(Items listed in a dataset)
======
(* Let $X$ be a random variable on a finite alphabet $\mathcal{X}$ with pmf $P_X$, let $\mathcal{S}$ be a finite set, and let $\delta,\eta,\nu_1>0$ be such that for all sufficiently large $N$ and every $s^N\in\mathcal{S}^N$, $\Pr\{X^N\in\tilde T^N[X,s^N]_{\delta,\eta}\}>1-2^{-N\nu_1}$, where $X^N=(X_1,\dots,X_N)$ is i.i.d. with pmf $P_X$. Let $R'>\nu_1$ and $L'=2^{NR'}$, and let $\mathbf{C}=(X^N(1),\dots,X^N(L'))$ be a random codebook whose $L'N$ letters are i.i.d. with pmf $P_X$. Then $\Pr\{\mathbf{C}\text{ is good with respect to }X\}>1-\epsilon_1$, where $\epsilon_1\to0$ as $N\to\infty$.
   Context: For $s^N\in\mathcal{S}^N$ and $a\in\mathcal{S}$, $\mathcal{I}(a:s^N)=\{1\le i\le N: s_i=a\}$, $\mu_a=|\mathcal{I}(a:s^N)|$, and $\mathcal{S}(s^N,\eta)=\{a\in\mathcal{S}:\mu_a>N\eta/|\mathcal{S}|\}$. For a pmf $P$ on a finite set $\mathcal{A}$, the $\delta$-letter typical set $T^n_\delta(P)$ is the set of $a^n\in\mathcal{A}^n$ with $|\frac1nN(b:a^n)-P(b)|\le\delta P(b)$ for all $b\in\mathcal{A}$, where $N(b:a^n)$ is the number of positions of $a^n$ equal to $b$. The set $\tilde T^N[X,s^N]_{\delta,\eta}$ consists of all $x^N\in\mathcal{X}^N$ with $P_X(x_i)>0$ for all $i$ and $x_{\mathcal{I}(a:s^N)}=(x_i)_{i\in\mathcal{I}(a:s^N)}\in T^{\mu_a}_\delta(P_X)$ for all $a\in\mathcal{S}(s^N,\eta)$. A codebook $\mathcal{C}=(x^N(l))_{l=1}^{L'}$ (an indexed list, repetitions allowed) is called good with respect to $X$ (with parameters $\delta,\eta,\nu_1$) if for every $s^N\in\mathcal{S}^N$ the number of indices $l$ with $x^N(l)\in\tilde T^N[X,s^N]_{\delta,\eta}$ exceeds $(1-2\cdot2^{-N\nu_1})L'$. *)

From mathcomp Require Import all_boot all_order all_algebra.
From mathcomp Require Import all_classical all_reals all_analysis.
Set Implicit Arguments. Unset Strict Implicit. Unset Printing Implicit Defensive.
Import Order.TTheory GRing.Theory Num.Theory.
Local Open Scope ring_scope.

Section Defs.
Variables (R : realType) (X S : finType).

Definition is_pmf (P : X -> R) : Prop := (forall x, 0 <= P x) /\ \sum_(x : X) P x = 1.

Definition idx_of (N : nat) (a : S) (s : {ffun 'I_N -> S}) : seq 'I_N :=
  [seq i <- enum 'I_N | s i == a].

Definition mu (N : nat) (a : S) (s : {ffun 'I_N -> S}) : nat := size (idx_of a s).

Definition bigS (N : nat) (s : {ffun 'I_N -> S}) (eta : R) : {set S} :=
  [set a | (N%:R * eta / #|S|%:R) < (mu a s)%:R].

Definition letter_typical (P : X -> R) (delta : R) (xs : seq X) : bool :=
  [forall b : X, `| (count_mem b xs)%:R / (size xs)%:R - P b | <= delta * P b].

Definition tildeT (P : X -> R) (delta eta : R) (N : nat)
    (s : {ffun 'I_N -> S}) (x : {ffun 'I_N -> X}) : bool :=
  [forall i : 'I_N, 0 < P (x i)] &&
  [forall a in bigS s eta, letter_typical P delta [seq x i | i <- idx_of a s]].

Definition PrN (P : X -> R) (N : nat) (A : pred {ffun 'I_N -> X}) : R :=
  \sum_(x : {ffun 'I_N -> X} | A x) \prod_(i < N) P (x i).

Definition good (P : X -> R) (delta eta nu1 : R) (N L' : nat)
    (C : {ffun 'I_L' -> {ffun 'I_N -> X}}) : bool :=
  [forall s : {ffun 'I_N -> S},
     (1 - 2 * (2 `^ (- (N%:R * nu1)))) * L'%:R
       < #|[set l : 'I_L' | tildeT P delta eta s (C l)]|%:R].

Definition PrCode (P : X -> R) (N L' : nat)
    (A : pred {ffun 'I_L' -> {ffun 'I_N -> X}}) : R :=
  \sum_(C : {ffun 'I_L' -> {ffun 'I_N -> X}} | A C) \prod_(l < L') \prod_(i < N) P (C l i).

Definition Lprime (Rp : R) (N : nat) : nat := Num.truncn (2 `^ (N%:R * Rp)).

End Defs.

From mathcomp Require Import all_boot all_order all_algebra.
From mathcomp Require Import all_classical all_reals all_analysis.
From mathcomp Require Import ring lra.
Set Implicit Arguments. Unset Strict Implicit. Unset Printing Implicit Defensive.
Import Order.TTheory GRing.Theory Num.Theory.
Local Open Scope ring_scope.

(* Fix a state sequence s^N.  The codewords are i.i.d., so the number of codewords
   outside tildeT[X, s^N] is binomial with success probability below
   q = 2^(-N nu1).  Markov's inequality for 2^(that number), whose expectation is
   at most (1 + q)^L' <= e^(q L'), bounds the probability that it reaches 2 q L' by
   e^(-(2 ln 2 - 1) q L').  Since q L' >= 2^(N (R' - nu1)) - 1 grows doubly
   exponentially in N, this beats the union bound over the |S|^N sequences s^N. *)

Section ProductWeights.
Variable R : realType.

Lemma sum_ffun_prod (I T : finType) (F : T -> R) :
  \sum_(f : {ffun I -> T}) \prod_(i : I) F (f i) = (\sum_(t : T) F t) ^+ #|I|.
Proof. by rewrite -(bigA_distr_bigA (fun _ t => F t)) prodr_const. Qed.

Lemma sum_ffun_prod_exprn_card (I T : finType) (w : T -> R) (B : pred T) (r : R) :
  \sum_(f : {ffun I -> T}) (\prod_(i : I) w (f i)) * r ^+ #|[set i | B (f i)]|
  = (\sum_(t : T) w t * (if B t then r else 1)) ^+ #|I|.
Proof.
rewrite -sum_ffun_prod; apply: eq_bigr => f _.
rewrite -prodr_const [X in _ * X]big_mkcond -big_split /=.
by apply: eq_bigr => i _; rewrite inE.
Qed.

Lemma sum_ffun_prod_eq1 (I T : finType) (F : T -> R) :
  \sum_(t : T) F t = 1 -> \sum_(f : {ffun I -> T}) \prod_(i : I) F (f i) = 1.
Proof. by move=> F_sum1; rewrite sum_ffun_prod F_sum1 expr1n. Qed.

Lemma ler_sum_exists (I T : finType) (w : T -> R) (D : pred T) (A : I -> pred T) :
  (forall x, 0 <= w x) -> (forall x, D x -> exists i, A i x) ->
  \sum_(x | D x) w x <= \sum_(i : I) \sum_(x | A i x) w x.
Proof.
move=> w_ge0 DA; rewrite [leRHS](exchange_big_dep predT) //= big_mkcond /=.
apply: ler_sum => x _; case: ifP => [/DA [i Aix] | _]; last exact: sumr_ge0.
by rewrite (bigD1 i) //= lerDl sumr_ge0.
Qed.

Lemma chernoff_card (I T : finType) (w : T -> R) (B : pred T) (p t k : R) :
  (forall x, 0 <= w x) -> \sum_(x : T) w x = 1 ->
  \sum_(x | B x) w x <= p -> 0 <= t ->
  \sum_(f : {ffun I -> T} | k <= #|[set i | B (f i)]|%:R) \prod_(i : I) w (f i)
    <= expR ((expR t - 1) * p * #|I|%:R - t * k).
Proof.
move=> w_ge0 w_sum1 Bp t_ge0.
have e_ge1 : 1 <= expR t by have := expR_ge1Dx t; lra.
set e := expR t.
have markov : \sum_(f : {ffun I -> T} | k <= #|[set i | B (f i)]|%:R)
      \prod_(i : I) w (f i)
    <= \sum_(f : {ffun I -> T})
      (\prod_(i : I) w (f i)) * e ^+ #|[set i | B (f i)]| * expR (- (t * k)).
  rewrite big_mkcond /=; apply: ler_sum => f _.
  have w_f : 0 <= \prod_(i : I) w (f i) by apply: prodr_ge0.
  case: ifP => [kc|_]; last by rewrite !mulr_ge0 ?exprn_ge0 ?expR_ge0 // (le_trans ler01).
  rewrite -mulrA ler_peMr // -expRM_natl -expRD -[X in X <= _]expR0 ler_expR.
  have := ler_wpM2l t_ge0 kc; lra.
have mgf : \sum_(x : T) w x * (if B x then e else 1)
    = 1 + (e - 1) * \sum_(x | B x) w x.
  rewrite -[X in _ = X + _]w_sum1 mulr_sumr [X in _ + X]big_mkcond -big_split /=.
  by apply: eq_bigr => x _; case: (B x); ring.
have B_ge0 : 0 <= \sum_(x | B x) w x by apply: sumr_ge0.
apply: (le_trans markov); rewrite -mulr_suml sum_ffun_prod_exprn_card mgf.
rewrite [X in _ <= X]expRD ler_wpM2r ?expR_ge0 //.
rewrite [_ * #|I|%:R]mulrC expRM_natl.
apply: lerXn2r; rewrite ?nnegrE ?expR_ge0 //; first by rewrite addr_ge0 ?mulr_ge0 ?subr_ge0.
apply: (le_trans _ (expR_ge1Dx _)); rewrite lerD2l ler_wpM2l ?subr_ge0 //.
Qed.

End ProductWeights.

Section Asymptotics.
Variable R : realType.

Lemma ln2_gt_half : 1 / 2 < ln (2 : R).
Proof.
have e_half : expR (1 / 2 : R) < 2.
  have half_neq0 : - (1 / 2) != 0 :> R by rewrite oppr_eq0.
  have := expR_gt1Dx half_neq0; have := expRxMexpNx_1 (1 / 2 : R).
  have := expR_gt0 (1 / 2 : R); nra.
by rewrite -ltr_expR lnK ?posrE.
Qed.

Lemma powR2E (x : R) : 2 `^ x = expR (x * ln 2).
Proof. by rewrite /powR pnatr_eq0. Qed.

Lemma sqr_half_le_expR_sub1 (y : R) : 0 <= y -> y ^+ 2 / 2 <= expR y - 1.
Proof. by move=> y_ge0; have := expR_ge1Dxn 1 y_ge0; rewrite [(2`!)%:R]/=; lra. Qed.

Lemma exprn_le_expR_mul (K : R) (n : nat) : 0 <= K -> K ^+ n <= expR (n%:R * K).
Proof.
move=> K_ge0; rewrite expRM_natl; apply: lerXn2r; rewrite ?nnegrE ?expR_ge0 //.
by have := expR_ge1Dx K; lra.
Qed.

Lemma linear_sub_quadratic_eventually_lt (a b t : R) : 0 < a ->
  exists N1 : nat, forall N : nat, (N1 <= N)%N -> b * N%:R - a * N%:R ^+ 2 < t.
Proof.
move=> a_gt0; exists (Num.truncn ((`|b| + `|t|) / a)).+1 => N N1_le.
have N_ge1 : 1 <= N%:R :> R by rewrite ler1n (leq_trans _ N1_le).
have aN_gt : `|b| + `|t| < a * N%:R.
  rewrite -ltr_pdivrMl // mulrC; apply: (lt_le_trans (truncnS_gt _)).
  by rewrite ler_nat.
have N_gt0 : 0 < N%:R :> R by apply: lt_le_trans N_ge1.
move: aN_gt; rewrite -(ltr_pM2r N_gt0); have := ler_wpM2r (ltW N_gt0) (ler_norm b).
have := ler_wpM2l (normr_ge0 t) N_ge1; have := ler_norm (- t); rewrite normrN expr2.
lra.
Qed.

Lemma doubly_exponential_eventually_lt (K c d eps : R) :
  0 <= K -> 0 < c -> 0 < d -> 0 < eps ->
  exists N1 : nat, forall N : nat, (N1 <= N)%N -> forall m : R,
    expR (N%:R * d) - 1 <= m -> K ^+ N * expR (- (c * m)) < eps.
Proof.
move=> K_ge0 c_gt0 d_gt0 eps_gt0; set a := c * d ^+ 2 / 2.
have a_gt0 : 0 < a by rewrite /a !mulr_gt0 ?exprn_gt0.
have [N1 N1P] := linear_sub_quadratic_eventually_lt K (ln eps) a_gt0.
exists N1 => N N1_le m m_ge.
have m_ge_sqr : a * N%:R ^+ 2 <= c * m.
  have -> : a * N%:R ^+ 2 = c * ((N%:R * d) ^+ 2 / 2) by rewrite /a; field.
  rewrite ler_wpM2l ?(ltW c_gt0) // (le_trans _ m_ge) // sqr_half_le_expR_sub1 //.
  by rewrite mulr_ge0 // ltW.
have expR_lt : expR (K * N%:R - a * N%:R ^+ 2) < eps.
  by rewrite -[ltRHS]lnK ?posrE // ltr_expR N1P.
apply: le_lt_trans expR_lt.
rewrite expRD [K * _]mulrC ler_pM ?exprn_ge0 ?expR_ge0 ?exprn_le_expR_mul //.
by rewrite ler_expR lerN2.
Qed.

End Asymptotics.

Lemma powR2_mul_Lprime_ge (R : realType) (Rp nu1 : R) (N : nat) : 0 <= nu1 ->
  expR (N%:R * ((Rp - nu1) * ln 2)) - 1 <= 2 `^ (- (N%:R * nu1)) * (Lprime Rp N)%:R.
Proof.
move=> nu1_ge0; set q := 2 `^ _.
have q_ge0 : 0 <= q by rewrite powR_ge0.
have q_le1 : q <= 1.
  by rewrite /q powR2E expR_le1 mulNr oppr_le0 !mulr_ge0 // ln_ge0 // ler1n.
have L_gt : 2 `^ (N%:R * Rp) - 1 < (Lprime Rp N)%:R.
  by have := truncnS_gt (2 `^ (N%:R * Rp)); rewrite -addn1 natrD; lra.
have -> : expR (N%:R * ((Rp - nu1) * ln 2)) = q * 2 `^ (N%:R * Rp).
  by rewrite /q !powR2E -expRD; congr expR; ring.
have := ler_wpM2l q_ge0 (ltW L_gt); nra.
Qed.

Section Codebook.
Variables (R : realType) (X S : finType) (P : X -> R).
Hypothesis P_pmf : is_pmf P.

Lemma PrCodeC (N L : nat) (A : pred {ffun 'I_L -> {ffun 'I_N -> X}}) :
  PrCode P A = 1 - PrCode P [pred C | ~~ A C].
Proof.
have code_sum1 :
    \sum_(C : {ffun 'I_L -> {ffun 'I_N -> X}}) \prod_(l < L) \prod_(i < N) P (C l i) = 1.
  apply: (@sum_ffun_prod_eq1 _ _ _ (fun x : {ffun 'I_N -> X} => \prod_(i < N) P (x i))).
  exact: sum_ffun_prod_eq1 P_pmf.2.
by rewrite /PrCode -[X in X - _]code_sum1 [X in _ = X - _](bigID A) /= addrK.
Qed.

Lemma PrCode_many_atypical_le (N L : nat) (T : pred {ffun 'I_N -> X}) (q : R) :
  1 - q < PrN P T ->
  \sum_(C : {ffun 'I_L -> {ffun 'I_N -> X}} | 2 * (q * L%:R) <= #|[set l | ~~ T (C l)]|%:R)
      \prod_(l < L) \prod_(i < N) P (C l i)
    <= expR (- ((2 * ln 2 - 1) * (q * L%:R))).
Proof.
move=> T_typical.
have w_ge0 (x : {ffun 'I_N -> X}) : 0 <= \prod_(i < N) P (x i).
  by apply: prodr_ge0 => i _; exact: P_pmf.1.
have w_sum1 : \sum_(x : {ffun 'I_N -> X}) \prod_(i < N) P (x i) = 1.
  exact: sum_ffun_prod_eq1 P_pmf.2.
have atypical_le : \sum_(x | ~~ T x) \prod_(i < N) P (x i) <= q.
  move: T_typical; rewrite /PrN -[X in X - q]w_sum1 [X in X - q](bigID T) /=; lra.
have ln2_ge0 : 0 <= ln (2 : R) by rewrite ln_ge0 // ler1n.
apply: le_trans (chernoff_card 'I_L (2 * (q * L%:R)) w_ge0 w_sum1 atypical_le ln2_ge0) _.
rewrite lnK ?posrE // card_ord ler_expR; lra.
Qed.

Lemma not_good_many_atypical (delta eta nu1 : R) (N L : nat)
    (C : {ffun 'I_L -> {ffun 'I_N -> X}}) :
  ~~ good S P delta eta nu1 C ->
  exists s : {ffun 'I_N -> S},
    2 * (2 `^ (- (N%:R * nu1)) * L%:R)
      <= #|[set l | ~~ tildeT P delta eta s (C l)]|%:R.
Proof.
rewrite /good negb_forall => /existsP [s]; rewrite -leNgt => few_typical; exists s.
have -> : [set l | ~~ tildeT P delta eta s (C l)] = ~: [set l | tildeT P delta eta s (C l)].
  by apply/setP => l; rewrite !inE.
have := cardsC [set l | tildeT P delta eta s (C l)].
by rewrite card_ord => /(congr1 (GRing.natmul (1 : R))); rewrite natrD; lra.
Qed.

Lemma PrCode_not_good_le (delta eta nu1 : R) (N L : nat) :
  (forall s : {ffun 'I_N -> S},
     1 - 2 `^ (- (N%:R * nu1)) < PrN P (tildeT P delta eta s)) ->
  PrCode P [pred C : {ffun 'I_L -> {ffun 'I_N -> X}} | ~~ good S P delta eta nu1 C]
    <= #|S|%:R ^+ N * expR (- ((2 * ln 2 - 1) * (2 `^ (- (N%:R * nu1)) * L%:R))).
Proof.
move=> typical; rewrite /PrCode.
apply: le_trans (ler_sum_exists _ (@not_good_many_atypical _ _ _ _ _)) _ => /=.
  by move=> C; apply: prodr_ge0 => l _; apply: prodr_ge0 => i _; exact: P_pmf.1.
apply: le_trans (ler_sum _ (fun s _ => PrCode_many_atypical_le L (typical s))) _.
by rewrite sumr_const card_ffun card_ord -(mulr_natl (expR _) (#|S| ^ N)) natrX.
Qed.

End Codebook.

Theorem lemma1 (R : realType) (X S : finType) (P : X -> R)
    (delta eta nu1 Rp : R) :
  is_pmf P ->
  0 < delta -> 0 < eta -> 0 < nu1 ->
  (exists N0 : nat, forall N : nat, (N0 <= N)%N ->
     forall s : {ffun 'I_N -> S},
       1 - 2 `^ (- (N%:R * nu1)) < PrN P (tildeT P delta eta s)) ->
  nu1 < Rp ->
  forall eps : R, 0 < eps ->
  exists N1 : nat, forall N : nat, (N1 <= N)%N ->
    1 - eps < PrCode P (@good R X S P delta eta nu1 N (Lprime Rp N)).
Proof.
move=> P_pmf _ _ nu1_gt0 [N0 typical] nu1_lt_Rp eps eps_gt0.
have c_gt0 : 0 < 2 * ln (2 : R) - 1 by have := ln2_gt_half R; lra.
have d_gt0 : 0 < (Rp - nu1) * ln (2 : R) by rewrite mulr_gt0 ?ln_gt0 ?ltr1n ?subr_gt0.
have [N1 decay] := doubly_exponential_eventually_lt (ler0n R #|S|) c_gt0 d_gt0 eps_gt0.
exists (maxn N0 N1) => N; rewrite geq_max => /andP [N0_le N1_le].
rewrite (PrCodeC P_pmf) ltrD2l ltrN2.
apply: le_lt_trans (PrCode_not_good_le P_pmf _ (typical N N0_le)) _.
by apply: decay => //; apply: powR2_mul_Lprime_ge; rewrite ltW.
Qed.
======
Assignment:
Beginning with the line that has "have := ler_wpM2l t_ge0 kc; lra." and ending with the line that has "by apply: eq_bigr => x", set down the lines above exactly and include no others.

Exercise solution:
  have := ler_wpM2l t_ge0 kc; lra.
have mgf : \sum_(x : T) w x * (if B x then e else 1)
    = 1 + (e - 1) * \sum_(x | B x) w x.
  rewrite -[X in _ = X + _]w_sum1 mulr_sumr [X in _ + X]big_mkcond -big_split /=.
  by apply: eq_bigr => x _; case: (B x); ring.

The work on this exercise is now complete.